-- DATA SHOWN follows --
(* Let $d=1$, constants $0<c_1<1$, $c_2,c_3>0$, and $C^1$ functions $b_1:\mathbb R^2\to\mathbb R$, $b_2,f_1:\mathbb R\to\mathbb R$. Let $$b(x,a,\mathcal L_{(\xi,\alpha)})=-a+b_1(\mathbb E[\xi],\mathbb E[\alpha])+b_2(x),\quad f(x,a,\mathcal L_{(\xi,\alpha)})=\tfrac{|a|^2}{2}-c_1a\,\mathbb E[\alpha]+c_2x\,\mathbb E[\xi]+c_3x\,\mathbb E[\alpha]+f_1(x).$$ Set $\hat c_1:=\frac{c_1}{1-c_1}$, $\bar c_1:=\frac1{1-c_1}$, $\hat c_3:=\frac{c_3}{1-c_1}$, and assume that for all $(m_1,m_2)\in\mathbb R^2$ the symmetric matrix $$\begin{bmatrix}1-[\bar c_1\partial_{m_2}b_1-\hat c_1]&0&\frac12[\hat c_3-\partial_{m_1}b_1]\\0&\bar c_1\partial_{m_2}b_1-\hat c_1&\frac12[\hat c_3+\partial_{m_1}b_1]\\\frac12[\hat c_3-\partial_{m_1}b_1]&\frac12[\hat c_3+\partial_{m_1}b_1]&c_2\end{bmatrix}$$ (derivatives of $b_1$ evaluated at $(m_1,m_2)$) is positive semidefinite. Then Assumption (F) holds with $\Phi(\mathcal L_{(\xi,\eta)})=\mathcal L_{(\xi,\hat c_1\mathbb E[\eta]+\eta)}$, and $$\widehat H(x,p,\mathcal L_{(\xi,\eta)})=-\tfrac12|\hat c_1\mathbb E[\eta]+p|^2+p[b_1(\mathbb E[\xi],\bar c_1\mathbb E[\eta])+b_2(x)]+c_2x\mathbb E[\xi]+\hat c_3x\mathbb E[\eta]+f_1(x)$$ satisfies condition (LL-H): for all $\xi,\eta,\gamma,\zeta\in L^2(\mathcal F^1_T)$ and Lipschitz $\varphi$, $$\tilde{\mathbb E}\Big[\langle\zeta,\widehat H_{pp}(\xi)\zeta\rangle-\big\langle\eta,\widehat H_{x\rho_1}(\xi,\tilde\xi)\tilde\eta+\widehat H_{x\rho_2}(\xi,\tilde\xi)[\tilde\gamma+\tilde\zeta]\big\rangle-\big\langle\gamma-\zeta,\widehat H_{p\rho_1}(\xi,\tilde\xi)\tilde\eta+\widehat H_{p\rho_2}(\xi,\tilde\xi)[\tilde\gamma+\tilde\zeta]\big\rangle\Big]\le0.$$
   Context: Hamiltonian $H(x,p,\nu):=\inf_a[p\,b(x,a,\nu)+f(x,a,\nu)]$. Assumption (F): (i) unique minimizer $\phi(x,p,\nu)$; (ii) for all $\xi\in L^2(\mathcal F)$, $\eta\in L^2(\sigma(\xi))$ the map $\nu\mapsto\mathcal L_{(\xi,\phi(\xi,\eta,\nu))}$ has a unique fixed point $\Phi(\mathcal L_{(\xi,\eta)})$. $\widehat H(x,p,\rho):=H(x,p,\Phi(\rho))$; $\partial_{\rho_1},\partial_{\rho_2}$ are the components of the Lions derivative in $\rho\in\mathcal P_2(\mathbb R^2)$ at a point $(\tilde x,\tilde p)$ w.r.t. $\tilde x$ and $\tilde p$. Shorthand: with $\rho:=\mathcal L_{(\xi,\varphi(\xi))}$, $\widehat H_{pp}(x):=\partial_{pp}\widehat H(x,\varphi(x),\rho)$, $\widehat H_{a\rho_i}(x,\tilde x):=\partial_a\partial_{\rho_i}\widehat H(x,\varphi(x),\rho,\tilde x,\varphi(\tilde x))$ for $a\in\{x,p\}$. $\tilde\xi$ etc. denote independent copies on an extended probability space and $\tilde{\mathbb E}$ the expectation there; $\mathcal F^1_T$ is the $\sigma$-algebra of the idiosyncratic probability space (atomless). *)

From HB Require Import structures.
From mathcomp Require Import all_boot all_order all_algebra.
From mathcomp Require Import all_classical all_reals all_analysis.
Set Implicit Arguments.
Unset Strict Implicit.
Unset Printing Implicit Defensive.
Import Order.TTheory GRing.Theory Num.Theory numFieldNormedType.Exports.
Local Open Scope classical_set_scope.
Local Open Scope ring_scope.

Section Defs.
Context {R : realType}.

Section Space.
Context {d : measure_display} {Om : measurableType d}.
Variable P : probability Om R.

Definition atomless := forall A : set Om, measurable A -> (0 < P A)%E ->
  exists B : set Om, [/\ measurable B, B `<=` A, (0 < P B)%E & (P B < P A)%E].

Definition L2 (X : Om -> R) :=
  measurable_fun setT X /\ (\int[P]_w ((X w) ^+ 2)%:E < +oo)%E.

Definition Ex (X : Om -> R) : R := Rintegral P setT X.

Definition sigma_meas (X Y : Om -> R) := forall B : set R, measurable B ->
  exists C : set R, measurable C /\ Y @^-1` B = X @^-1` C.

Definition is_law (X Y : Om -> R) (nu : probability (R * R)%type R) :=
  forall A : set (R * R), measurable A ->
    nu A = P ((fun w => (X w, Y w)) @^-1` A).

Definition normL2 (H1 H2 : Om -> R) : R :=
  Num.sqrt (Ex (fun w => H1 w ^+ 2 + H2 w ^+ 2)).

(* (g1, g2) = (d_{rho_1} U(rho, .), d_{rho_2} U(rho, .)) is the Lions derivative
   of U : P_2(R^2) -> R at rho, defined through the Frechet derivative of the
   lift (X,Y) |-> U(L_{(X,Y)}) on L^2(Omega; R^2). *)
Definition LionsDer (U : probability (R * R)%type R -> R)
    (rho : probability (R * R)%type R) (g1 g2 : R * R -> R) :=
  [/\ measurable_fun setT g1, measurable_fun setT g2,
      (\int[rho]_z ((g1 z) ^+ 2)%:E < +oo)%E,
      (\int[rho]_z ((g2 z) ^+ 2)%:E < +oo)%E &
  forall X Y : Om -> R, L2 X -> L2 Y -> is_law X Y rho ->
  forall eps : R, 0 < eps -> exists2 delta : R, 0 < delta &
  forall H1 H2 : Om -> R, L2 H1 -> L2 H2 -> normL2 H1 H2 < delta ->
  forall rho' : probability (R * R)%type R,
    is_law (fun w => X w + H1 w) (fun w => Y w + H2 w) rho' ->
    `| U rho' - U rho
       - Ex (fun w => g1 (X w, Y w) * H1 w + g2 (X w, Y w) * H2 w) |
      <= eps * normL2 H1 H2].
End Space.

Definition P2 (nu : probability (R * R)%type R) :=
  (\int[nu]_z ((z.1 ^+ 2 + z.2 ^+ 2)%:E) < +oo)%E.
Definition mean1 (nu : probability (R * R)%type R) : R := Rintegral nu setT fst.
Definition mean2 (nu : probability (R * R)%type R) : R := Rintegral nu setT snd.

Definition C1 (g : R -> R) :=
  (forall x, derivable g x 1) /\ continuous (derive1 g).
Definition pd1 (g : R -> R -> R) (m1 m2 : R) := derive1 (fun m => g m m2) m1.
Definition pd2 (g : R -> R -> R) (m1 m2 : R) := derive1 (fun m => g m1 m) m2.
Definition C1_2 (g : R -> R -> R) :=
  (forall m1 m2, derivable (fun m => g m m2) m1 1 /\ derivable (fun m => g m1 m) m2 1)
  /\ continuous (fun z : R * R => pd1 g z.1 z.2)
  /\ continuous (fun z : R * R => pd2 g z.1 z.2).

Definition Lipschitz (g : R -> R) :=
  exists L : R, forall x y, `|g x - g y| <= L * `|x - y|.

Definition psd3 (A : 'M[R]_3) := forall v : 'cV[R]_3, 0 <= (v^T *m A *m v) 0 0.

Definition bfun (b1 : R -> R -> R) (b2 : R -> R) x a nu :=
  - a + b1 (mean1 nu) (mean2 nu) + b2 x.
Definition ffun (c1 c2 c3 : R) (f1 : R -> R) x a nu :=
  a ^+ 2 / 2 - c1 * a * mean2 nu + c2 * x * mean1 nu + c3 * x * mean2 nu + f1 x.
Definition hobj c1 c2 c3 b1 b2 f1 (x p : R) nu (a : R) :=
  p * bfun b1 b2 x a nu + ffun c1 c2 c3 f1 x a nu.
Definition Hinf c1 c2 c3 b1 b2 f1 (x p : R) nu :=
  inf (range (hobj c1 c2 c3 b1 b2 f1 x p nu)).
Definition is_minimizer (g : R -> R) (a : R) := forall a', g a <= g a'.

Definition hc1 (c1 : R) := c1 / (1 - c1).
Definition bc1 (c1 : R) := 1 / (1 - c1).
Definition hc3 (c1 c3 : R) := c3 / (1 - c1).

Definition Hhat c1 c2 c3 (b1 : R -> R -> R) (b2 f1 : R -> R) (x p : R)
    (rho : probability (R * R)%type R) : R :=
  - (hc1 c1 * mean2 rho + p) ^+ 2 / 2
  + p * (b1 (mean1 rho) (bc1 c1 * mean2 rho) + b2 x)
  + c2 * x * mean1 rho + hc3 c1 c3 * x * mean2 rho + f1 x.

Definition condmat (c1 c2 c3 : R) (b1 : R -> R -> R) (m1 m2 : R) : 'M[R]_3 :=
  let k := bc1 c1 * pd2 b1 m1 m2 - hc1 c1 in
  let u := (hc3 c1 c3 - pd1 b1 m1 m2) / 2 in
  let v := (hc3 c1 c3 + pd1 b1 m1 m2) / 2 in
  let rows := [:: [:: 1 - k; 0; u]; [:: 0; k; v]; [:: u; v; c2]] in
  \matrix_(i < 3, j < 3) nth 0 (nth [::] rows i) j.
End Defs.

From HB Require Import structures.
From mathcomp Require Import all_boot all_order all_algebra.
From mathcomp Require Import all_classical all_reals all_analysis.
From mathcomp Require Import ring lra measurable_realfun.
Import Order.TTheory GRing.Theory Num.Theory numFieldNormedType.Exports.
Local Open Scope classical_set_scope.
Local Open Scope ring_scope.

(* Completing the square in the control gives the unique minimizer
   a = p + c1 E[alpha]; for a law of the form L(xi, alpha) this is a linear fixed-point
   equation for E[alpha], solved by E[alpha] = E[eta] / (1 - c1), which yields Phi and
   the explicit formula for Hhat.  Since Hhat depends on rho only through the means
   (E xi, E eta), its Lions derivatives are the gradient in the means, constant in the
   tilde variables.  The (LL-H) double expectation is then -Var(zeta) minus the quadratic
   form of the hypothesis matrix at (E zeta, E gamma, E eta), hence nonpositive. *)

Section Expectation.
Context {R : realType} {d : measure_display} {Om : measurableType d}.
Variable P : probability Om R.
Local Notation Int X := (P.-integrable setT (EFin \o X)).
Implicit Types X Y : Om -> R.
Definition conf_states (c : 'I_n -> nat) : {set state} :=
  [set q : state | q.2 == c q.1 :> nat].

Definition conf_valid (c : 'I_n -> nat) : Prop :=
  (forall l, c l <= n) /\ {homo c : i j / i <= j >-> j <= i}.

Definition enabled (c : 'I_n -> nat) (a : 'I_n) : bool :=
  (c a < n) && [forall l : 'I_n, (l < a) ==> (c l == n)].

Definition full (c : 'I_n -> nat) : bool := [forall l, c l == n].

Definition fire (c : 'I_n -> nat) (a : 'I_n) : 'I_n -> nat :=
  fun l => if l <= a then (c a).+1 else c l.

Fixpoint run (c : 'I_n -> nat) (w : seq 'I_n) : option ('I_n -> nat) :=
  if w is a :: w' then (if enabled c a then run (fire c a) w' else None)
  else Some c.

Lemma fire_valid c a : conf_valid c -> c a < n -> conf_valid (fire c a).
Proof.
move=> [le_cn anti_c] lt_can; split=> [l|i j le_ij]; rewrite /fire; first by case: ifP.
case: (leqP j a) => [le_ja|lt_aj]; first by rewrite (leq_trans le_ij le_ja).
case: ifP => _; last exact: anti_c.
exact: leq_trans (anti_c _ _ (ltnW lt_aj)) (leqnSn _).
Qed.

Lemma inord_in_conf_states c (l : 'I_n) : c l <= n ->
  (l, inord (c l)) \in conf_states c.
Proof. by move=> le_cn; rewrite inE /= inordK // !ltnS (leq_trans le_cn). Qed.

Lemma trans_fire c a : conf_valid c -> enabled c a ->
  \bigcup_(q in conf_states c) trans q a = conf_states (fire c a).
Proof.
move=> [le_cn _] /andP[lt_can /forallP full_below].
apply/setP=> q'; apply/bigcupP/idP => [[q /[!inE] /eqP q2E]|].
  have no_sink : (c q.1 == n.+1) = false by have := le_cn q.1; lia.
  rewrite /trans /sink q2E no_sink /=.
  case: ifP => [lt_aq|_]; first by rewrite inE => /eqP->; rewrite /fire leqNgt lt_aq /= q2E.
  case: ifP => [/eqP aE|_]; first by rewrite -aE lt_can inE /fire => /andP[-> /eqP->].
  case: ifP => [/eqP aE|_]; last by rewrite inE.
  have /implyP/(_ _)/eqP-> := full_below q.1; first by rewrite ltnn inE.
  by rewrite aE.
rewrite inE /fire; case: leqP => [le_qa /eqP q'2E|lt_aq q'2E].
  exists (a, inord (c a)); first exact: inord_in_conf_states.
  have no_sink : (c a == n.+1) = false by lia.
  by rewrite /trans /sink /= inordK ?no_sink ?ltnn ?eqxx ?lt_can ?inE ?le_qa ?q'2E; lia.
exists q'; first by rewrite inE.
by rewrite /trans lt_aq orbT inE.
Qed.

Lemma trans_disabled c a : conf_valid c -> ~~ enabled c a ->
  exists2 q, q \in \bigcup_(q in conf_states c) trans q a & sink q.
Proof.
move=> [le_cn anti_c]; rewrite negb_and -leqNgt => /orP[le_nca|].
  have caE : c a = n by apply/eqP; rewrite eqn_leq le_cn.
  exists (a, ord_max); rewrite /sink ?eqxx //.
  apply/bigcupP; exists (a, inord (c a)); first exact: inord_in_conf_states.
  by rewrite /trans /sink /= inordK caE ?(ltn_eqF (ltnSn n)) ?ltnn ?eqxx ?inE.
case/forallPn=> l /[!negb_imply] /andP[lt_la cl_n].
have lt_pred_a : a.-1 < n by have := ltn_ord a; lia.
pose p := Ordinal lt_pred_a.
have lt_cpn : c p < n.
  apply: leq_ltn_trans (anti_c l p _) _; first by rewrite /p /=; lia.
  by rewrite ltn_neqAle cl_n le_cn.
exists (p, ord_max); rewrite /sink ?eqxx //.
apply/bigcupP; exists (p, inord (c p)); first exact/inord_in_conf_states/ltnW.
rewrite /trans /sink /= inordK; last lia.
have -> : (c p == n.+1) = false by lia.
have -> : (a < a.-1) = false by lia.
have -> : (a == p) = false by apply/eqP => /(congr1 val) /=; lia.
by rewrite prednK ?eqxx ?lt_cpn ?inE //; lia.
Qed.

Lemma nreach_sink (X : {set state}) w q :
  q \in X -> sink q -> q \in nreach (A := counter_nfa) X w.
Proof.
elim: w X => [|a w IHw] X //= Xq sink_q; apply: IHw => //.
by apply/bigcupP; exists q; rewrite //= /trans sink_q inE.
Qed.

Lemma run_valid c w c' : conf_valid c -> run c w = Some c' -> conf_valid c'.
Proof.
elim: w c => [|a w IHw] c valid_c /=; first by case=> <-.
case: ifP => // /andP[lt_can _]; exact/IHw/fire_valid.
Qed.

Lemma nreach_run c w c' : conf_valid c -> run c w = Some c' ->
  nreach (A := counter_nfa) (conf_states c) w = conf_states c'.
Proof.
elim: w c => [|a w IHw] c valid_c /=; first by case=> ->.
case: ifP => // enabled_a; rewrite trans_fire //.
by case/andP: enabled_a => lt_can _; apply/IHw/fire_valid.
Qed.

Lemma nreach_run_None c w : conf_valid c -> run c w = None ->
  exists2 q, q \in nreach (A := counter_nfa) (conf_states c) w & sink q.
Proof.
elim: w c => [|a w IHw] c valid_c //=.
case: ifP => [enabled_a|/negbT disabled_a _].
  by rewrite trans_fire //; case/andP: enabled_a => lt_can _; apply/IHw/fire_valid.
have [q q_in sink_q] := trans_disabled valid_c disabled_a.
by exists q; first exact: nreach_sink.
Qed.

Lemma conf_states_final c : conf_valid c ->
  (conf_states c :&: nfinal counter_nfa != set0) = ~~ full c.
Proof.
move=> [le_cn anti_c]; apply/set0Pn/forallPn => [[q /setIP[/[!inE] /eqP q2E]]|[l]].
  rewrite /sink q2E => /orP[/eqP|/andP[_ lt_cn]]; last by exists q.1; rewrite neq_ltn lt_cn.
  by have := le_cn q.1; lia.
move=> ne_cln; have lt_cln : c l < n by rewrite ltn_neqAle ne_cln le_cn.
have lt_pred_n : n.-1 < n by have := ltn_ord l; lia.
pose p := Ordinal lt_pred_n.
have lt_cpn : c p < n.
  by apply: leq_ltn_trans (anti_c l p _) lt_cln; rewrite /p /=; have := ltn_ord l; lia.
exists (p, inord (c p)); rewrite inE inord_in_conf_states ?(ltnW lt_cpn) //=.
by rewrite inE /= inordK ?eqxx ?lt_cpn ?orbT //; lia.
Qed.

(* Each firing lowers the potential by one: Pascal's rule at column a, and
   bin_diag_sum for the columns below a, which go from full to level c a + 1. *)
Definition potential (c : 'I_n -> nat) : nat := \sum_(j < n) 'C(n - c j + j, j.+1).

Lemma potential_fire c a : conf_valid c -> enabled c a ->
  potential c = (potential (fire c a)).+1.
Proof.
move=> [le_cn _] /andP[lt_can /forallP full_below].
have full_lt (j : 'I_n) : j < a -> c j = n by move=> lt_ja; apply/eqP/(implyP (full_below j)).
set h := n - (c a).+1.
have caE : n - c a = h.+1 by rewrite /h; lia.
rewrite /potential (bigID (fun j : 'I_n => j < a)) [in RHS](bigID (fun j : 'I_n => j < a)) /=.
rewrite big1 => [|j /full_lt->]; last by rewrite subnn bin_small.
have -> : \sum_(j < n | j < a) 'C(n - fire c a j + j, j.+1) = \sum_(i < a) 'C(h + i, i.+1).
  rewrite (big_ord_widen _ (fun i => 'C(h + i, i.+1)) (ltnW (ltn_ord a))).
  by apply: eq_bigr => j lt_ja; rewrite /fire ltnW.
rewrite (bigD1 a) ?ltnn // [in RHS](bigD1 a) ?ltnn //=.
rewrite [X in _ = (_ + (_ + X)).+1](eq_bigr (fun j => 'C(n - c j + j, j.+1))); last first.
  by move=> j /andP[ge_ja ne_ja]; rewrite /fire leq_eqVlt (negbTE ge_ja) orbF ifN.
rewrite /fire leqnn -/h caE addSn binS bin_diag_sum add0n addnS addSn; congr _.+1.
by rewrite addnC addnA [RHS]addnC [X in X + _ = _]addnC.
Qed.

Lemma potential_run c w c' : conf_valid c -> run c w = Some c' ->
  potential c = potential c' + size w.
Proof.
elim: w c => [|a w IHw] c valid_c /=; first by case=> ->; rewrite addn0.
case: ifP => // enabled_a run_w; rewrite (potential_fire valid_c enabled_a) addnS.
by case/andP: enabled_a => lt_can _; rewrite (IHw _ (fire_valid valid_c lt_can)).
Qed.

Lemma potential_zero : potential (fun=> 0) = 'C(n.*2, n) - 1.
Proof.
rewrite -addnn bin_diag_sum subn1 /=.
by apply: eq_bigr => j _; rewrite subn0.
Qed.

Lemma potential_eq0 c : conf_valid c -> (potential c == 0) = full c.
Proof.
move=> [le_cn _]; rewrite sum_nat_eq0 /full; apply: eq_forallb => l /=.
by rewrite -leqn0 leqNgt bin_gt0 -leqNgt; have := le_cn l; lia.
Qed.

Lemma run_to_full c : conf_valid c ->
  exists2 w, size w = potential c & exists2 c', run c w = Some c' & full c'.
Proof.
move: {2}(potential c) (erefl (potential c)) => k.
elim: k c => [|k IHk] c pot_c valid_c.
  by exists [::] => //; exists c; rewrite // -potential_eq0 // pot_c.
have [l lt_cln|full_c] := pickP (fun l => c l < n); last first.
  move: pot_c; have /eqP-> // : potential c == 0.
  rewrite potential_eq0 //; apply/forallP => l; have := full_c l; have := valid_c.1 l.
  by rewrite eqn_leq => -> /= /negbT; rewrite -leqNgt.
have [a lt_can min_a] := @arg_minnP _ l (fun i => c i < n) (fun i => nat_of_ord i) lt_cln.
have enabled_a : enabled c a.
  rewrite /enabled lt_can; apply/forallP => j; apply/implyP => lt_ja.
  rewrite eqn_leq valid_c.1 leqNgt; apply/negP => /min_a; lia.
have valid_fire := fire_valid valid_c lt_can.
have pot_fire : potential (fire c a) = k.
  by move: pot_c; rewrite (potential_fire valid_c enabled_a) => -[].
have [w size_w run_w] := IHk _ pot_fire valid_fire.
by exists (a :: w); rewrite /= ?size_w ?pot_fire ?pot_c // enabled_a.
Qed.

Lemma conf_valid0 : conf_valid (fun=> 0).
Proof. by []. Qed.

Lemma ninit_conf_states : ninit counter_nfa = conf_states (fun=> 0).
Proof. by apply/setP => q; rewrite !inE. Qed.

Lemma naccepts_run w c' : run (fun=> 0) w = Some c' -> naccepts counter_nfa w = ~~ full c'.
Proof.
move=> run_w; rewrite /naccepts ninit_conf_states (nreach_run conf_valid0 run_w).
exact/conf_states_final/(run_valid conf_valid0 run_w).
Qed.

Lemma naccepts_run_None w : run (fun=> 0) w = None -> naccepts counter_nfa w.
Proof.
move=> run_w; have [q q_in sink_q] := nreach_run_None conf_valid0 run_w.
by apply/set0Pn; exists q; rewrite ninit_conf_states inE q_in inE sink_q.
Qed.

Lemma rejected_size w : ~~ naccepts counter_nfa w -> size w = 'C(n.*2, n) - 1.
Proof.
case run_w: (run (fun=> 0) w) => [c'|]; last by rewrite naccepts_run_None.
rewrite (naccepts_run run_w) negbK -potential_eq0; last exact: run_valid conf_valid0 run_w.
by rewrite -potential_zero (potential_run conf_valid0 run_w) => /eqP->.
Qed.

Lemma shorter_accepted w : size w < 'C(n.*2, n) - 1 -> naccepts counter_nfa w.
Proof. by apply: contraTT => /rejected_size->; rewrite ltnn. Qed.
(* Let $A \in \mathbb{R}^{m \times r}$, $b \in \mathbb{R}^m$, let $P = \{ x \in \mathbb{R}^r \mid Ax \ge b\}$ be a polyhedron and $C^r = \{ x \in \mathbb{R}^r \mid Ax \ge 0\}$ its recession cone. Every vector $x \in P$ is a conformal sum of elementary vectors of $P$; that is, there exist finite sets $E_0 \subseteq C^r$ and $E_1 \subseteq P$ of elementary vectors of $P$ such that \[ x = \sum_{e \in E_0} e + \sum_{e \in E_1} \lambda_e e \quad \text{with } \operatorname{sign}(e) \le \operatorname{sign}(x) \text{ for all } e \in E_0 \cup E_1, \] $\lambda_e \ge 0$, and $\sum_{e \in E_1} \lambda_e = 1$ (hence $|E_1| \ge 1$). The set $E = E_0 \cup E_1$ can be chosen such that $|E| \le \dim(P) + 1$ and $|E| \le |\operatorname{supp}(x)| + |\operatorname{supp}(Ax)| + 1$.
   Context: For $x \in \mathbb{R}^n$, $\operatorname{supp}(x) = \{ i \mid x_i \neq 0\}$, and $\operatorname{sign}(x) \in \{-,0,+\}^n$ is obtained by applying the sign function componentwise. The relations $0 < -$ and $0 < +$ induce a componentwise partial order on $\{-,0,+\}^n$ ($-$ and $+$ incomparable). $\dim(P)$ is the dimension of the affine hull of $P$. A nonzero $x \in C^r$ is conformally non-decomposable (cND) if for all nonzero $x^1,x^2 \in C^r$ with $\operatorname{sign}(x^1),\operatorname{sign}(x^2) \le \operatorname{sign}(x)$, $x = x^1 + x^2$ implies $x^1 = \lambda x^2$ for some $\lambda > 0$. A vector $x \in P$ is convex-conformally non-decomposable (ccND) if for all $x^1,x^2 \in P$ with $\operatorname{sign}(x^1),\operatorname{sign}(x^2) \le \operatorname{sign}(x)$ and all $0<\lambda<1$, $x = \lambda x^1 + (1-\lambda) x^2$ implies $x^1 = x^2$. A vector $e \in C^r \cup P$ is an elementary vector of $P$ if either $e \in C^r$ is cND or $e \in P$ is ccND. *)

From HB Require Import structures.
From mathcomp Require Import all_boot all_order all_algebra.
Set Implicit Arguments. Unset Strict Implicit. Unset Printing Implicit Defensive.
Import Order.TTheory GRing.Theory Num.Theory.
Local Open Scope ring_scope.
-- DATA SHOWN concluded --
PROBLEM
A single number is the whole answer: the count of lines above that hold "leqNgt".

SOLUTION
5